EDIT: at the moment the only thing that could potentially interest me combining music+money is music research and education (like Troy &co’s job).
I want to build a “video-portfolio” of tunes that I can be proud of, and that I can share with my friends (the patient ones at least) and with the forummers here. And that is enough self-imposed pressure to trigger RLS. Doesn’t help that I like stuff that is quite difficult to play.
Honestly, it depends on the genre. In the pop world, vocal ability is only a small part of what it takes to be a “pop star,” so heavy comping, pitch correction, and editing is pretty necessary to get a “pro” performance out of some vocalists (others, not so much - Gaga can sing her ass off, for instance, so I suspect her vocals are far less edited than Selena Gomez’s, and when they are, it’s more for artistic effect than to produce a “good” performance). Meanwhile, what it takes to be a successful first-call session guitarist is almost entirely chops and ability to quickly come up with and then nail “the part,” so I think in the top 40, pop, and Nashville scenes, there’s probably a lot less comping and editing than you might think.
Modern metal? Especially in the “djent” subgenre, HEAVY editing, sometimes to the degree you hypothesize with DI performances comped together note by note, quantized to the grid, and then reamped to create “inhumanly perfect” performances is fairly widespread, sometimes even as a “production choice” than out of sheer necessity (sometimes out of necessity, and I’m looking at you, HAARP Machine, lol). Meshuggah made waves a year or two back when they made the decision to track “The Violent Sleep of Reason” entirely live as a band, just to buck this trend.

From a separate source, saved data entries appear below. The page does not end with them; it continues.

(* Let $\psi$ be an $n$-dimensional unique sink orientation, and let $v^0, v^1, \dots, v^\rho$ be the sequence of vertices produced by Algorithm 1 started at $v^0$, where $\rho$ is the iteration in which the algorithm terminates. Then $r_\psi(v^0) \supseteq r_\psi(v^1) \supseteq \dots \supseteq r_\psi(v^\rho)$.
   Context: Let $Q^n = 2^{[n]}$ be the vertex set of the $n$-cube, with $u,v$ adjacent iff $|u\oplus v|=1$; faces are $F_{J,v}=\{u : v\oplus u\subseteq J\}$ for $J\subseteq[n]$. A unique sink orientation (USO) is an orientation of the cube's edges such that every nonempty face has a unique sink (vertex with no outgoing edges within the face). The outmap $s_\psi(v)$ is the set of coordinates $j$ such that the edge $\{v,v\oplus\{j\}\}$ is directed away from $v$. The reachmap is $r_\psi(v)=s_\psi(v)\cup\{j : \exists u \text{ reachable from } v \text{ by a directed path with } j\in s_\psi(u)\}$. Algorithm 1: given a starting vertex $v^0$, set $E^0=\emptyset$ and $j=0$; while $s_\psi(v^j)\neq\emptyset$: pick any $b\in s_\psi(v^j)$, let $v^{j+1}$ be the sink of the face $F_{E^j, v^j\oplus\{b\}}$ (computed by the Fibonacci Seesaw algorithm of Szabó and Welzl), set $E^{j+1}=E^j\cup\{b\}$ and $j\leftarrow j+1$. The algorithm terminates at iteration $\rho$ when $s_\psi(v^\rho)=\emptyset$. *)

(* Vertices of the n-cube Q^n are subsets of [n] = 'I_n. *)
From mathcomp Require Import all_boot.
Set Implicit Arguments. Unset Strict Implicit. Unset Printing Implicit Defensive.

Section Cube.
Variable n : nat.
Notation vert := {set 'I_n}.

Definition symd (u v : vert) : vert := (u :\: v) :|: (v :\: u).

Definition face (J v : vert) : {set vert} := [set u | symd v u \subset J].

(* An orientation is given by its outmap s : s v = set of coordinates j
   such that edge {v, v (+) {j}} is directed away from v.  Consistency:
   each edge gets exactly one direction. *)
Definition is_orientation (s : vert -> vert) : Prop :=
  forall (v : vert) (j : 'I_n), (j \in s v) = (j \notin s (symd v [set j])).

(* u is a sink of the face F_{J,v}: u in the face and no outgoing edge of u
   inside the face (the edges of u inside F_{J,v} are the directions in J). *)
Definition is_sink (s : vert -> vert) (J v u : vert) : bool :=
  (u \in face J v) && (s u :&: J == set0).

Definition is_USO (s : vert -> vert) : Prop :=
  is_orientation s /\
  forall J v : vert, exists! u : vert, is_sink s J v u.

Definition dedge (s : vert -> vert) : rel vert :=
  fun u w => [exists j, (j \in s u) && (w == symd u [set j])].

Definition reachmap (s : vert -> vert) (v : vert) : vert :=
  s v :|: [set j | [exists u, connect (dedge s) v u && (j \in s u)]].

Definition alg1_run (s : vert -> vert) (vs Es : nat -> vert) (rho : nat) : Prop :=
  Es 0 = set0 /\
  (forall j, j < rho ->
     s (vs j) != set0 /\
     exists2 b, b \in s (vs j) &
       is_sink s (Es j) (symd (vs j) [set b]) (vs j.+1) /\
       Es j.+1 = Es j :|: [set b]) /\
  s (vs rho) = set0.

End Cube.

From mathcomp Require Import all_boot.

(* Every vertex of a face reaches the sink of that face by a directed path.
   By induction on the dimension: split the face along a direction i into two
   halves.  The vertex u reaches the sink t1 of its own half; if t1 is the sink
   of the whole face we are done, otherwise its only outgoing edge inside the
   face is the i-edge, which leads into the other half, whose sink is the sink
   of the whole face.  Hence v^j -> v^j (+) {b} ~> v^{j+1} is a directed path,
   and the reachmap can only shrink along directed paths. *)

Set Implicit Arguments. Unset Strict Implicit. Unset Printing Implicit Defensive.

Section Faces.
Variable n : nat.
Implicit Types (u v w t J : {set 'I_n}) (i x : 'I_n).

Lemma in_symd u v x : (x \in symd u v) = (x \in u) (+) (x \in v).
Proof. by rewrite !inE; case: (x \in u); case: (x \in v). Qed.

Lemma symd_subset u v J : u \subset J -> v \subset J -> symd u v \subset J.
Proof. by move=> uJ vJ; rewrite subUset !(subset_trans (subsetDl _ _)). Qed.

Lemma symd_trans u v w : symd (symd u v) (symd v w) = symd u w.
Proof.
by apply/setP=> x; rewrite !in_symd; case: (x \in u); case: (x \in v); case: (x \in w).
Qed.

Lemma symdC u v : symd u v = symd v u.
Proof. by apply/setP=> x; rewrite !in_symd addbC. Qed.

Lemma mem_face J v u : (u \in face J v) = (symd v u \subset J).
Proof. by rewrite inE. Qed.

Lemma face_refl J v : v \in face J v.
Proof.
by rewrite mem_face; apply/subsetP=> x; rewrite in_symd addbb.
Qed.

Lemma face_trans J u v w : u \in face J v -> w \in face J u -> w \in face J v.
Proof. by rewrite !mem_face -(symd_trans v u w); apply: symd_subset. Qed.

Lemma face_sym J u v : u \in face J v -> v \in face J u.
Proof. by rewrite !mem_face symdC. Qed.

Lemma face_subset J J' u v : J' \subset J -> u \in face J' v -> u \in face J v.
Proof. by rewrite !mem_face => J'J /subset_trans; apply. Qed.

Lemma face0 u v : u \in face set0 v -> u = v.
Proof.
rewrite mem_face subset0 => /eqP/setP d0; apply/setP=> x.
by move: (d0 x); rewrite in_symd inE; case: (x \in u); case: (x \in v).
Qed.

Lemma face_setD1_flip J u t t1 i :
  t \in face J u -> t \notin face (J :\ i) u -> t1 \in face (J :\ i) u ->
  t \in face (J :\ i) (symd t1 [set i]).
Proof.
rewrite !mem_face => /subsetP tJ /subsetPn[y yd yJ'] /subsetP t1J'.
have yi : y = i by move: yJ'; rewrite !inE (tJ y yd) andbT negbK => /eqP.
have uti : (i \in u) (+) (i \in t) by rewrite -in_symd -yi.
have ut1i : (i \in u) = (i \in t1).
  move: (t1J' i); rewrite in_symd setD11.
  by case: (i \in u); case: (i \in t1) => //= /(_ isT).
apply/subsetP=> x; rewrite in_symd in_symd in_set1.
have [-> | xi] := eqVneq x i; first by rewrite -ut1i addbT addNb uti.
rewrite addbF in_setD1 xi /=; move: (t1J' x) (tJ x); rewrite !in_symd in_setD1 xi /=.
by case: (x \in u); case: (x \in t1); case: (x \in t) => //= h1 h2 _;
  first [exact: h1 | exact: h2].
Qed.

End Faces.

Section Sinks.
Variables (n : nat) (s : {set 'I_n} -> {set 'I_n}).
Implicit Types (u v t J : {set 'I_n}) (i : 'I_n).

Lemma sink_face J v t : is_sink s J v t -> t \in face J v.
Proof. by case/andP. Qed.

Lemma sink_subface J J' v u t :
  is_sink s J v t -> J' \subset J -> t \in face J' u -> is_sink s J' u t.
Proof.
case/andP=> _ /eqP stJ J'J tJ'; rewrite /is_sink tJ' -subset0 -stJ.
exact: setIS.
Qed.

Lemma sink_setD1 J u t i :
  is_sink s (J :\ i) u t -> i \notin s t -> is_sink s J u t.
Proof.
case/andP=> tJ' /eqP stJ' ist; rewrite /is_sink (face_subset (subsetDl _ _) tJ').
rewrite -subset0 -stJ'; apply/subsetP=> x; rewrite !inE => /andP[sx ->].
by rewrite sx andbT; apply: contraNneq ist => <-.
Qed.

Lemma dedge_flip u i : i \in s u -> dedge s u (symd u [set i]).
Proof. by move=> iu; apply/existsP; exists i; rewrite iu eqxx. Qed.

Lemma mem_reachmap v x :
  (x \in reachmap s v) = [exists u, connect (dedge s) v u && (x \in s u)].
Proof.
rewrite !inE orb_idl // => xv; apply/existsP; exists v.
by rewrite connect0 xv.
Qed.

Lemma reachmap_connect u v :
  connect (dedge s) u v -> reachmap s v \subset reachmap s u.
Proof.
move=> uv; apply/subsetP=> x; rewrite !mem_reachmap => /existsP[w /andP[vw xw]].
by apply/existsP; exists w; rewrite (connect_trans uv vw).
Qed.

Hypothesis uso : is_USO s.

Lemma USO_sink_uniq J v t t' : is_sink s J v t -> is_sink s J v t' -> t = t'.
Proof. by case: uso => _ /(_ J v)[t0 [_ t0E]] /t0E <- /t0E. Qed.

Lemma USO_connect_sink_refl J u t : is_sink s J u t -> connect (dedge s) u t.
Proof.
have [k] := ubnP #|J|; elim: k J u t => // k IH J u t.
have [-> _ /sink_face/face0 -> // | [i iJ]] := set_0Vmem J.
rewrite ltnS (cardsD1 i) iJ add1n => J'k tsink.
have [t1 [t1sink _]] := uso.2 (J :\ i) u.
apply: connect_trans (IH _ _ _ J'k t1sink) _.
have J'J : J :\ i \subset J by exact: subsetDl.
have [tJ' | tJ'] := boolP (t \in face (J :\ i) u).
  by rewrite (USO_sink_uniq t1sink (sink_subface tsink J'J tJ')) connect0.
have it1 : i \in s t1.
  apply: contraNT tJ' => it1; rewrite (USO_sink_uniq tsink (sink_setD1 t1sink it1)).
  exact: sink_face t1sink.
apply: connect_trans (connect1 (dedge_flip it1)) (IH _ _ _ J'k _).
apply: (sink_subface tsink J'J).
by apply: face_setD1_flip (sink_face tsink) tJ' (sink_face t1sink).
Qed.

Lemma USO_connect_sink J v u t :
  is_sink s J v t -> u \in face J v -> connect (dedge s) u t.
Proof.
move=> tsink uJv; apply: USO_connect_sink_refl.
exact: sink_subface tsink (subxx J) (face_trans (face_sym uJv) (sink_face tsink)).
Qed.

End Sinks.

Theorem lemma17 (n : nat) (s : {set 'I_n} -> {set 'I_n})
    (vs Es : nat -> {set 'I_n}) (rho : nat) :
  is_USO s -> alg1_run s vs Es rho ->
  forall j, j < rho -> reachmap s (vs j.+1) \subset reachmap s (vs j).
Proof.
move=> uso [_ [run _]] j jrho.
have [_ [b bs [next_sink _]]] := run j jrho.
apply: reachmap_connect.
apply: connect_trans (connect1 (dedge_flip bs)) _.
exact: (USO_connect_sink uso next_sink (face_refl _ _)).
Qed.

My personal thoughts are that, well, they should be obvious considering we’re having a conversation on a message board affixed to a site about breaking technical barriers on the guitar, but that I think performances should largely be left to speak for themselves. But, I’d never tell anyone what to do, provided if they’re editing heavily they’re honest about it, and not claiming one of these perfect comped together performances is what comes out when you pick up a guitar.

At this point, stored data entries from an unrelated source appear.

(* There exist absolute constants $0<c_1\le c_2$ and $\rho>0$ such that the following holds. Let $k\ge2$ be even and let $\delta\in\mathbb R^{k\times k}$, $\delta\neq0$, satisfy $\sum_{j\in[k]}\delta_{i_0j}=0$ and $\sum_{i\in[k]}\delta_{ij_0}=0$ for all $i_0,j_0\in[k]$. Let $X=(X_1,\dots,X_k)$ and $Y=(Y_1,\dots,Y_k)$ be independent, each uniformly distributed over the binary vectors in $\{0,1\}^k$ of Hamming weight $k/2$, and let $Z=\sum_{(i,j)\in[k]\times[k]}\delta_{ij}X_iY_j$. Then $$\Pr\Big[\frac{Z^2}{\|\delta\|_F^2}\in[c_1,c_2]\Big]\ge\rho .$$
   Context: $\|\delta\|_F^2=\sum_{i,j}\delta_{ij}^2$ is the squared Frobenius norm. *)

From HB Require Import structures.
From mathcomp Require Import all_boot all_order all_algebra.
Set Implicit Arguments. Unset Strict Implicit. Unset Printing Implicit Defensive.
Import Order.TTheory GRing.Theory Num.Theory.
Local Open Scope ring_scope.

Definition bvec (k : nat) := {ffun 'I_k -> bool}.

Definition half_weight (k : nat) : {set bvec k} :=
  [set x : bvec k | #|[set i | x i]| == k %/ 2]%N.

Definition Zval (R : ringType) (k : nat) (delta : 'M[R]_k) (x y : bvec k) : R :=
  \sum_(i < k) \sum_(j < k) delta i j * (x i)%:R * (y j)%:R.

Definition frob2 (R : ringType) (k : nat) (delta : 'M[R]_k) : R :=
  \sum_(i < k) \sum_(j < k) delta i j ^+ 2.

Definition prob_uniform_pair (R : numFieldType) (k : nat)
    (P : bvec k -> bvec k -> bool) : R :=
  (#|[set p : bvec k * bvec k |
       [&& p.1 \in half_weight k, p.2 \in half_weight k & P p.1 p.2]]|%:R)
  / (#|half_weight k| ^ 2)%:R.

Ah yes, I’ve seen a few of those in the last couple of weeks, I wasn’t even aware of this trend! I think the main difference between this (speeding up/using midi and so on) and the comping thingy described above is: here we are talking about stuff that is pretty much unplayable (or way above the player’s actual ability). Instead the comping is some sort of extreme cherry picking from material that is actually “real”.